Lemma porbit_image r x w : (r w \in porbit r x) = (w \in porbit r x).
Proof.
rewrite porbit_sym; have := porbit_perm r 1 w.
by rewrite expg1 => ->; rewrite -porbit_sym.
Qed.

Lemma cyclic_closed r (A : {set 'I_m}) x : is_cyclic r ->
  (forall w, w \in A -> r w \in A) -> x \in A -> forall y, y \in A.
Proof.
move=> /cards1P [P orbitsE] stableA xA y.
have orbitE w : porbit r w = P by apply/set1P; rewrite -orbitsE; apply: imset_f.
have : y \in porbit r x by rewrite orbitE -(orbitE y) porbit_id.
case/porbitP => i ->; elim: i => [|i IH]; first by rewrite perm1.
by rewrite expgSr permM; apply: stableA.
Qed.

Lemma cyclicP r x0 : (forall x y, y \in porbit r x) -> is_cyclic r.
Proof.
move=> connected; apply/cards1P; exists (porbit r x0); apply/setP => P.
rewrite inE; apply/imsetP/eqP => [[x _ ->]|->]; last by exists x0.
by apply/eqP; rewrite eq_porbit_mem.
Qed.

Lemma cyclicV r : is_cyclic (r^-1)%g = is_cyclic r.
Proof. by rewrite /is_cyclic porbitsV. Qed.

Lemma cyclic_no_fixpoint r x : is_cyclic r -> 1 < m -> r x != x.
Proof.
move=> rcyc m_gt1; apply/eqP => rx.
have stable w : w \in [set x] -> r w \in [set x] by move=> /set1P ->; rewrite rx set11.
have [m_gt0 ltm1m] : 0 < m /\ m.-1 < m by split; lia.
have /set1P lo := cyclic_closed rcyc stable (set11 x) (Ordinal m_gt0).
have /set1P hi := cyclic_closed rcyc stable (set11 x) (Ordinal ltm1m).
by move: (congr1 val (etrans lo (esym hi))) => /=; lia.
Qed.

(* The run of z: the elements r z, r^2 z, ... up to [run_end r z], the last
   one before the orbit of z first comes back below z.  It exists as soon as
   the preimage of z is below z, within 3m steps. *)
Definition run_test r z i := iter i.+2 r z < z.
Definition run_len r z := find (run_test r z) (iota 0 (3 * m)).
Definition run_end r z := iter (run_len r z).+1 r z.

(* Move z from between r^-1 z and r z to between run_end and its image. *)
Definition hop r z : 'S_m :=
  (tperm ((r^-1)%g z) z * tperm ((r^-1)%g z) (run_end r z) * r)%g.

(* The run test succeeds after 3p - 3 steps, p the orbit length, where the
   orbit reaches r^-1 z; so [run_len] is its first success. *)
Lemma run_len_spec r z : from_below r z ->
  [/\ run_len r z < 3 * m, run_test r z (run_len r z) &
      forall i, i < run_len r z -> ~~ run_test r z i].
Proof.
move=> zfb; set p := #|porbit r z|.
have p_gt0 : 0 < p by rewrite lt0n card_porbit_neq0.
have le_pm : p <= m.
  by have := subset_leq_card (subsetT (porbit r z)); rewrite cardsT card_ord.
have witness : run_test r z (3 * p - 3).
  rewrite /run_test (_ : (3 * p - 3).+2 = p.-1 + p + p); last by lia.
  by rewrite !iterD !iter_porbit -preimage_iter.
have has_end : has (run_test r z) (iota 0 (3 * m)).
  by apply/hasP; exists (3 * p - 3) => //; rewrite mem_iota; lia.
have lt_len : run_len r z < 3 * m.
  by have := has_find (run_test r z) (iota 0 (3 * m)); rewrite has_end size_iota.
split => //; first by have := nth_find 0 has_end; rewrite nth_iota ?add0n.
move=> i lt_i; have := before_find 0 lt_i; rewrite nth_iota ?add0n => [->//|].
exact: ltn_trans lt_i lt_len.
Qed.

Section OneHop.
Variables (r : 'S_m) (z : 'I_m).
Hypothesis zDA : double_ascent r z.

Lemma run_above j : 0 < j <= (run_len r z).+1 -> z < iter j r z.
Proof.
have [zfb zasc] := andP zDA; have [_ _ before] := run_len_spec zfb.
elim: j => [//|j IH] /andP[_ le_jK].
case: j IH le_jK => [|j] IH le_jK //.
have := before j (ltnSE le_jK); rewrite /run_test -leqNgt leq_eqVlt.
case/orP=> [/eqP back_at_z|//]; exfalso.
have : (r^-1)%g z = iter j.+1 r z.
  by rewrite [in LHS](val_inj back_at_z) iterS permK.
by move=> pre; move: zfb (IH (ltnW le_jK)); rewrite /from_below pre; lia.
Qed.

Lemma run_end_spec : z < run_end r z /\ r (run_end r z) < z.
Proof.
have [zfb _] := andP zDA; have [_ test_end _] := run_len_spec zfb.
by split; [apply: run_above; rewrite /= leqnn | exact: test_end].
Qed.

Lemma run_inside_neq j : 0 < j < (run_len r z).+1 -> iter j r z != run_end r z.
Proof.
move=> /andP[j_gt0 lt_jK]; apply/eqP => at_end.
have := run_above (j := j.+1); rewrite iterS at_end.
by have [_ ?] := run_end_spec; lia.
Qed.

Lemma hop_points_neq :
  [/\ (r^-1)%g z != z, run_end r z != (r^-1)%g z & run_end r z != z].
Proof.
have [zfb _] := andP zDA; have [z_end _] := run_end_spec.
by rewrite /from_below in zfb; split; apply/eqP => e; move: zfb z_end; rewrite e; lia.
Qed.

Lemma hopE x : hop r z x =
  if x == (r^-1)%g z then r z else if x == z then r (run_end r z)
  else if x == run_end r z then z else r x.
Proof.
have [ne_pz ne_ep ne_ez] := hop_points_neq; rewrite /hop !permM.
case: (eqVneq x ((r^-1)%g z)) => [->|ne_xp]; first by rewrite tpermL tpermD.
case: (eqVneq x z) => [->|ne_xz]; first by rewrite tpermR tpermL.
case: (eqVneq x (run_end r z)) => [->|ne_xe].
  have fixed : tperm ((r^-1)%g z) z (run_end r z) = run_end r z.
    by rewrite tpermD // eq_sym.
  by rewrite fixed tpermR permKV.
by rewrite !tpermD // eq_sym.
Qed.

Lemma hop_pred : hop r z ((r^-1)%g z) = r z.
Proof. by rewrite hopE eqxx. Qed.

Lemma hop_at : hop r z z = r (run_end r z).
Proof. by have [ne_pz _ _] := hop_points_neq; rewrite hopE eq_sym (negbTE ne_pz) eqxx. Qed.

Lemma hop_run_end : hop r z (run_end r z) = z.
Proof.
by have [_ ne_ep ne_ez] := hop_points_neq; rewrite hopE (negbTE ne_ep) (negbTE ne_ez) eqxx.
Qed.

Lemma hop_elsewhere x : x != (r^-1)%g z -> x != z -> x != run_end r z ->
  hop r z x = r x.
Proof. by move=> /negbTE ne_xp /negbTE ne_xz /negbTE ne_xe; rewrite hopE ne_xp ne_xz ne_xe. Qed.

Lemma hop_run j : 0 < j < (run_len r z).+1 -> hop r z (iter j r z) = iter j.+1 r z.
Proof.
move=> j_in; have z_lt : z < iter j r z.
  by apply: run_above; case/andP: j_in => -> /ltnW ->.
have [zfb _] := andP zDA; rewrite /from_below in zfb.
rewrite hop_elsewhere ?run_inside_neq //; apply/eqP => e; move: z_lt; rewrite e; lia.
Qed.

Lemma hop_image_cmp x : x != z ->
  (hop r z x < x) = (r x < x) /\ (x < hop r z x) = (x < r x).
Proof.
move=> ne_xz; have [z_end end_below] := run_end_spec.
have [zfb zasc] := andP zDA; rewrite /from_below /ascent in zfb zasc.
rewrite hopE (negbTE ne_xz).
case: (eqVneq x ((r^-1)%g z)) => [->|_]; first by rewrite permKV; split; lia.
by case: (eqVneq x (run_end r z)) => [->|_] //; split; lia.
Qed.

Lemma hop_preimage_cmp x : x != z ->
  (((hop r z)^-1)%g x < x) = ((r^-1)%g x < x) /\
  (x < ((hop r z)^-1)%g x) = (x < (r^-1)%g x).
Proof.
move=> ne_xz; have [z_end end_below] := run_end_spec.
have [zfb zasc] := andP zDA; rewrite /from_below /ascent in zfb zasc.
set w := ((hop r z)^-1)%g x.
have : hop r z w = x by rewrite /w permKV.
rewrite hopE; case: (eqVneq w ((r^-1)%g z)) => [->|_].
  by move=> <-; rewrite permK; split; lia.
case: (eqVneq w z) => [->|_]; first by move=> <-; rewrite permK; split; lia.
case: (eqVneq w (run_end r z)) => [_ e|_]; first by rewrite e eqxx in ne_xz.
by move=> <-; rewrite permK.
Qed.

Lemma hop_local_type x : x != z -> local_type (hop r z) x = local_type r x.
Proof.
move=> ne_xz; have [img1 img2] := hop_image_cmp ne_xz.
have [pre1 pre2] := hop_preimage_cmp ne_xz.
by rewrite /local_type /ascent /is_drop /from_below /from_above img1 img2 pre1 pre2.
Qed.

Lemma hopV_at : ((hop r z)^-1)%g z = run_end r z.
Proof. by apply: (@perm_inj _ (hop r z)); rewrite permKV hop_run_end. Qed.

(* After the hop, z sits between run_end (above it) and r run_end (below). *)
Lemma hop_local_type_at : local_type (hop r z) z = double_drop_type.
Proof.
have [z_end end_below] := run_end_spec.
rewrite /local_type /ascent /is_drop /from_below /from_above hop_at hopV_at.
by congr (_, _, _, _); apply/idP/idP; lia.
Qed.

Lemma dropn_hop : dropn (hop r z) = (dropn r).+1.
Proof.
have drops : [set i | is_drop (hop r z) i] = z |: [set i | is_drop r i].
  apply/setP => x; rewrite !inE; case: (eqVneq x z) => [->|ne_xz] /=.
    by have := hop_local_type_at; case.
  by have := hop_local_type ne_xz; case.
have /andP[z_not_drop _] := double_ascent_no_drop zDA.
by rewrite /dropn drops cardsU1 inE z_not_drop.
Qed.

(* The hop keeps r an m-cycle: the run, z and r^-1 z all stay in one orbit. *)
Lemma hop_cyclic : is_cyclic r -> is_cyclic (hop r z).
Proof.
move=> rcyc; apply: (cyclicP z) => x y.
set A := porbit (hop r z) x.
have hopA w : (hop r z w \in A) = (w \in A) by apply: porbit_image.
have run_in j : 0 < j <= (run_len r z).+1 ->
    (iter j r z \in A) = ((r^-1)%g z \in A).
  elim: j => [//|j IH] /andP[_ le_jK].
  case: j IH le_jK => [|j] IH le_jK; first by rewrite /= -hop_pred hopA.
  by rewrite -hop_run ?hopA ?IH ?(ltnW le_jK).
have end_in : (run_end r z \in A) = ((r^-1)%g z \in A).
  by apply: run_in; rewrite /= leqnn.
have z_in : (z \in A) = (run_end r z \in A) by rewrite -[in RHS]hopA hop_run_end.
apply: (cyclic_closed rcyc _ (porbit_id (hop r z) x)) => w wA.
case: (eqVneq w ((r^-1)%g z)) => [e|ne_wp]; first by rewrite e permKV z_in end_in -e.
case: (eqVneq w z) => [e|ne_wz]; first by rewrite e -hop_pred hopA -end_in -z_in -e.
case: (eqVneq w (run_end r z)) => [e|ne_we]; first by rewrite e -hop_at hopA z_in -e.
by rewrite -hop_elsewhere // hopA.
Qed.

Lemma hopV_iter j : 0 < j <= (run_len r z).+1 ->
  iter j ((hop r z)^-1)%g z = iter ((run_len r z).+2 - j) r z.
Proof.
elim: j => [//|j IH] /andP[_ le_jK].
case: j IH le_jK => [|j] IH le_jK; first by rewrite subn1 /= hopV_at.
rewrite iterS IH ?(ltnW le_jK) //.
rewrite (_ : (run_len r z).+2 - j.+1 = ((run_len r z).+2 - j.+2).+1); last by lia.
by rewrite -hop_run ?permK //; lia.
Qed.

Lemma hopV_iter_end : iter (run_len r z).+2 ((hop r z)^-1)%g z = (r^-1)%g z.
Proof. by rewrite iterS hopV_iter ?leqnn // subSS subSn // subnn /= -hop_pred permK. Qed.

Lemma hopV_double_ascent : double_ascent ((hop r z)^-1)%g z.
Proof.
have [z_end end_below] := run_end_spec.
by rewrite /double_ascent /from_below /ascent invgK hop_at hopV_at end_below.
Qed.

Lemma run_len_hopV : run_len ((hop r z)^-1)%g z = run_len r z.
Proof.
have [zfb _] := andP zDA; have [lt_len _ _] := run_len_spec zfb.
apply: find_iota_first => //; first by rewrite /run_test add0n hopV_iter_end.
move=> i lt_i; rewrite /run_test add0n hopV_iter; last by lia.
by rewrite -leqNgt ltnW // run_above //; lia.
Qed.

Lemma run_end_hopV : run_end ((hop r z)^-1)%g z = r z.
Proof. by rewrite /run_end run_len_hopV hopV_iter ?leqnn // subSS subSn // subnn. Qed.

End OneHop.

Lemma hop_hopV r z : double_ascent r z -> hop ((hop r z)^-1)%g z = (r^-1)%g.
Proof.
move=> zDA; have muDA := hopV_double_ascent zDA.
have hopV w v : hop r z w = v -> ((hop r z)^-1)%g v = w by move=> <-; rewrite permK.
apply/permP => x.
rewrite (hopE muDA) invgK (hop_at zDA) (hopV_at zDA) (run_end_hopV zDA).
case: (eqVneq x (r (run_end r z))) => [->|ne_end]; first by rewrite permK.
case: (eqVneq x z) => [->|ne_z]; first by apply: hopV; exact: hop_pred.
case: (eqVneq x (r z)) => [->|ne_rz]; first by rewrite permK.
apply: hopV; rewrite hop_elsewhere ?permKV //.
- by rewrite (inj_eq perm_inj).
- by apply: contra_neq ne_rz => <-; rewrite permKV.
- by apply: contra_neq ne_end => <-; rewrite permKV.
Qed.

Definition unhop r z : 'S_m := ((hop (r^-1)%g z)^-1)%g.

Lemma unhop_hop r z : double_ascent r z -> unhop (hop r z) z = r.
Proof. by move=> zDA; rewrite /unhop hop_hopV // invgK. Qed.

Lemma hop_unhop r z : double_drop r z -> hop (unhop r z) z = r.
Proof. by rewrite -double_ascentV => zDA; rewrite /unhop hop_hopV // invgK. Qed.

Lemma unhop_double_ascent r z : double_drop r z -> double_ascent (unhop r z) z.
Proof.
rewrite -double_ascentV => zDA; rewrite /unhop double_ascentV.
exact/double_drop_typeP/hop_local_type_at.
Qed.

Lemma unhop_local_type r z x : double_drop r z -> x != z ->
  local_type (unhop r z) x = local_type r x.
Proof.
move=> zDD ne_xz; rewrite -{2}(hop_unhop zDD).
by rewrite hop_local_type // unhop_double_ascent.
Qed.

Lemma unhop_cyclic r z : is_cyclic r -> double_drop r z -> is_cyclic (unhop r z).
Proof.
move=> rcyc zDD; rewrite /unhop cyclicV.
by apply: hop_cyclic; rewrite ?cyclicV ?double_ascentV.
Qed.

* * *

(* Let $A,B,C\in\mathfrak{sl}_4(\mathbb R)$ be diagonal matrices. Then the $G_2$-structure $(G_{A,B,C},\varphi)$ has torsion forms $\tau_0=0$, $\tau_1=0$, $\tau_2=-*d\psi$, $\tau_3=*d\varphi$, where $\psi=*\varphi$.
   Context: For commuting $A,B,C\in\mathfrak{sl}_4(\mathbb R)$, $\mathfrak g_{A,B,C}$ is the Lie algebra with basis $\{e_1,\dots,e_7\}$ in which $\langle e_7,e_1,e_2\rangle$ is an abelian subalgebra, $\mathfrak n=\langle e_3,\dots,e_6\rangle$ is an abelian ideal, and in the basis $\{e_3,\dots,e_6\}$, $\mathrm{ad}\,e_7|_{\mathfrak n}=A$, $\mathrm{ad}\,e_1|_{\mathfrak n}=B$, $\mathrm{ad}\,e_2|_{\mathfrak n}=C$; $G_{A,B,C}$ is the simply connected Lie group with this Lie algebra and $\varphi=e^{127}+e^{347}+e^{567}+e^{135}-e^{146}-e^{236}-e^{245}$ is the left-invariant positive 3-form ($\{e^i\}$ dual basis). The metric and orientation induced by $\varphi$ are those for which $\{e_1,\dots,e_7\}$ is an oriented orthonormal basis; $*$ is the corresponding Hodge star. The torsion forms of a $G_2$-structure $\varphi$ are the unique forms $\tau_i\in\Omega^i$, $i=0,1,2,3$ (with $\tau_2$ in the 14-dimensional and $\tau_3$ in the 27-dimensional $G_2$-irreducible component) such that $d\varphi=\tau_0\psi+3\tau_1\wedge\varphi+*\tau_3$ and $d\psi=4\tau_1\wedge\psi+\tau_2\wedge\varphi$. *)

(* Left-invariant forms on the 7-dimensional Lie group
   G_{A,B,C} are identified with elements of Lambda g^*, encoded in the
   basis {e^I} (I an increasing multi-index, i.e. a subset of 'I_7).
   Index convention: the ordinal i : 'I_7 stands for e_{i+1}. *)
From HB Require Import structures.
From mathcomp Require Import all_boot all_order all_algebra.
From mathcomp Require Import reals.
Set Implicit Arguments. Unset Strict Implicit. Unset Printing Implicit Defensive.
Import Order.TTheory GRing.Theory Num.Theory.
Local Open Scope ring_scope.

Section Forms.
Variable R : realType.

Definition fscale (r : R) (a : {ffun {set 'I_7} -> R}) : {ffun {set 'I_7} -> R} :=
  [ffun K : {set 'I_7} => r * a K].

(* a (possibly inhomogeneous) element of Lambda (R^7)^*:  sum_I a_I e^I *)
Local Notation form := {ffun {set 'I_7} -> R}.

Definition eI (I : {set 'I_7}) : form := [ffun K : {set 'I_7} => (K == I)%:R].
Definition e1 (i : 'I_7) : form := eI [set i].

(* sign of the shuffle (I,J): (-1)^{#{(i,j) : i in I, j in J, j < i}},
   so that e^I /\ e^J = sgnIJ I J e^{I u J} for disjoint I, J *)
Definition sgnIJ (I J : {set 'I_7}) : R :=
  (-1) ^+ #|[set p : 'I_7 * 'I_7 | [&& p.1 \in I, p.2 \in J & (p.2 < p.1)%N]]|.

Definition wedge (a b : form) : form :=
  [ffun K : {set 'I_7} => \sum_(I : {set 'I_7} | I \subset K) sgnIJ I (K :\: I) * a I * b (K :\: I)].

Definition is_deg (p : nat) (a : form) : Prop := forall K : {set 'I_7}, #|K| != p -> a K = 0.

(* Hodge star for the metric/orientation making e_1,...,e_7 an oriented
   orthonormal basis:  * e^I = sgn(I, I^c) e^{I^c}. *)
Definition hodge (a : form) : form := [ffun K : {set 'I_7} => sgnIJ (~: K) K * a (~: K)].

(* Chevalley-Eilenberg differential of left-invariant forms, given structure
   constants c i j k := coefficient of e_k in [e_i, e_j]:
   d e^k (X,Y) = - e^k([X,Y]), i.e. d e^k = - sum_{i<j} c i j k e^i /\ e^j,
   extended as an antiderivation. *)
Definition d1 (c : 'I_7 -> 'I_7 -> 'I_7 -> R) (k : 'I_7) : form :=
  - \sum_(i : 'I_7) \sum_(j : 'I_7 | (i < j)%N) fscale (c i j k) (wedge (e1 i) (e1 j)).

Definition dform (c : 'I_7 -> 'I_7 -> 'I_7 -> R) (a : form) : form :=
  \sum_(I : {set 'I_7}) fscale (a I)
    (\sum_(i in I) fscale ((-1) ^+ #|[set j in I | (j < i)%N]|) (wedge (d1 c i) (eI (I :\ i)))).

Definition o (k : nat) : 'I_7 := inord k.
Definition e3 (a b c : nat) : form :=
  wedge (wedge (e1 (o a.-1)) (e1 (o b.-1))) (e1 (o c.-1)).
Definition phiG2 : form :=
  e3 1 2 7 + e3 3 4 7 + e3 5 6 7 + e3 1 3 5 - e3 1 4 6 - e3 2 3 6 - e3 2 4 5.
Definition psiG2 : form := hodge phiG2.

---

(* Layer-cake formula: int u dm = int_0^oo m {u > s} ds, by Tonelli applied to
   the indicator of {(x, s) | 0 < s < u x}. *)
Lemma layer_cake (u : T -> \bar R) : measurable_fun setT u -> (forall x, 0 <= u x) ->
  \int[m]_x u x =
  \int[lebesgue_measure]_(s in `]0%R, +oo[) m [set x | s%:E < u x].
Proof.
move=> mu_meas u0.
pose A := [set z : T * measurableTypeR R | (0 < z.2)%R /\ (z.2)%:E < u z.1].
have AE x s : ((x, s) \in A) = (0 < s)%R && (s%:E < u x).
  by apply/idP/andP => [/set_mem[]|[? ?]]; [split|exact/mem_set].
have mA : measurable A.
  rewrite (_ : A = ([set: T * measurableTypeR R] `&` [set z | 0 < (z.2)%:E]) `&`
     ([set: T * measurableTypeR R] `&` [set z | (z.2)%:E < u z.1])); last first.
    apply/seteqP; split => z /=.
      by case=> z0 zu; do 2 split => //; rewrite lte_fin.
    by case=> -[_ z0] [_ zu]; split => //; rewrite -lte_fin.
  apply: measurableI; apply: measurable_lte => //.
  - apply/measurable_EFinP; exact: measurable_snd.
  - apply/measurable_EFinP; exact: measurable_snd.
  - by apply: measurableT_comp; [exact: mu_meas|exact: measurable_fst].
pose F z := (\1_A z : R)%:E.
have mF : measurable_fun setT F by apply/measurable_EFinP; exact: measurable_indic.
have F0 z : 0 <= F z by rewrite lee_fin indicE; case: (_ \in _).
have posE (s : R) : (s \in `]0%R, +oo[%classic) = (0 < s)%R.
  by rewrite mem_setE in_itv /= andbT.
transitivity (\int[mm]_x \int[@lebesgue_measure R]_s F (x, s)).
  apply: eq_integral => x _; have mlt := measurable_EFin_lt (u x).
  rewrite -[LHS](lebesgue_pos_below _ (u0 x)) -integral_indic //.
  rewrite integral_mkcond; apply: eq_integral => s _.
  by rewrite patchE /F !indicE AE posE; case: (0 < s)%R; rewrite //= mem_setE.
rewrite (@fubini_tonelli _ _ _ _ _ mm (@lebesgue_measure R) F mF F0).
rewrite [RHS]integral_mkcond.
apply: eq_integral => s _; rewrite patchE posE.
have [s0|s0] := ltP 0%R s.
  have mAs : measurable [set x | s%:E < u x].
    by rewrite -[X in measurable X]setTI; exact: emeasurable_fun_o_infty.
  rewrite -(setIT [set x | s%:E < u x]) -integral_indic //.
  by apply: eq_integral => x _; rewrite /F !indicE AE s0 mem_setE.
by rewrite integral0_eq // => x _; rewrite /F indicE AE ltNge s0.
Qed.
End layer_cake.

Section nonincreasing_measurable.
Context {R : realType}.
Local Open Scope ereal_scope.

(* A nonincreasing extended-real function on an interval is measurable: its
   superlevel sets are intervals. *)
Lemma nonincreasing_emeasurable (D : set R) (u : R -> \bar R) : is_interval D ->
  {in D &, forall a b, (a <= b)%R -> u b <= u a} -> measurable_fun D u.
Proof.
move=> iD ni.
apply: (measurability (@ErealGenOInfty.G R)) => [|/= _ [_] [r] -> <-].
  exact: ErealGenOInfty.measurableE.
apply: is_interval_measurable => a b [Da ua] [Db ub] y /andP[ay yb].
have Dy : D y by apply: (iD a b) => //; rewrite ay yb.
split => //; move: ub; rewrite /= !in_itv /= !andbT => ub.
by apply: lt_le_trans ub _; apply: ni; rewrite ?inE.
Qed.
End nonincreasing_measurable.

### HOW TO COMPLETE THIS TASK
Find the line with "Lemma porbit_image r" in the material above. Reproduce it and each line after it up to and including the line with "have : y \in".

### RESPONSE
Lemma porbit_image r x w : (r w \in porbit r x) = (w \in porbit r x).
Proof.
rewrite porbit_sym; have := porbit_perm r 1 w.
by rewrite expg1 => ->; rewrite -porbit_sym.
Qed.

Lemma cyclic_closed r (A : {set 'I_m}) x : is_cyclic r ->
  (forall w, w \in A -> r w \in A) -> x \in A -> forall y, y \in A.
Proof.
move=> /cards1P [P orbitsE] stableA xA y.
have orbitE w : porbit r w = P by apply/set1P; rewrite -orbitsE; apply: imset_f.
have : y \in porbit r x by rewrite orbitE -(orbitE y) porbit_id.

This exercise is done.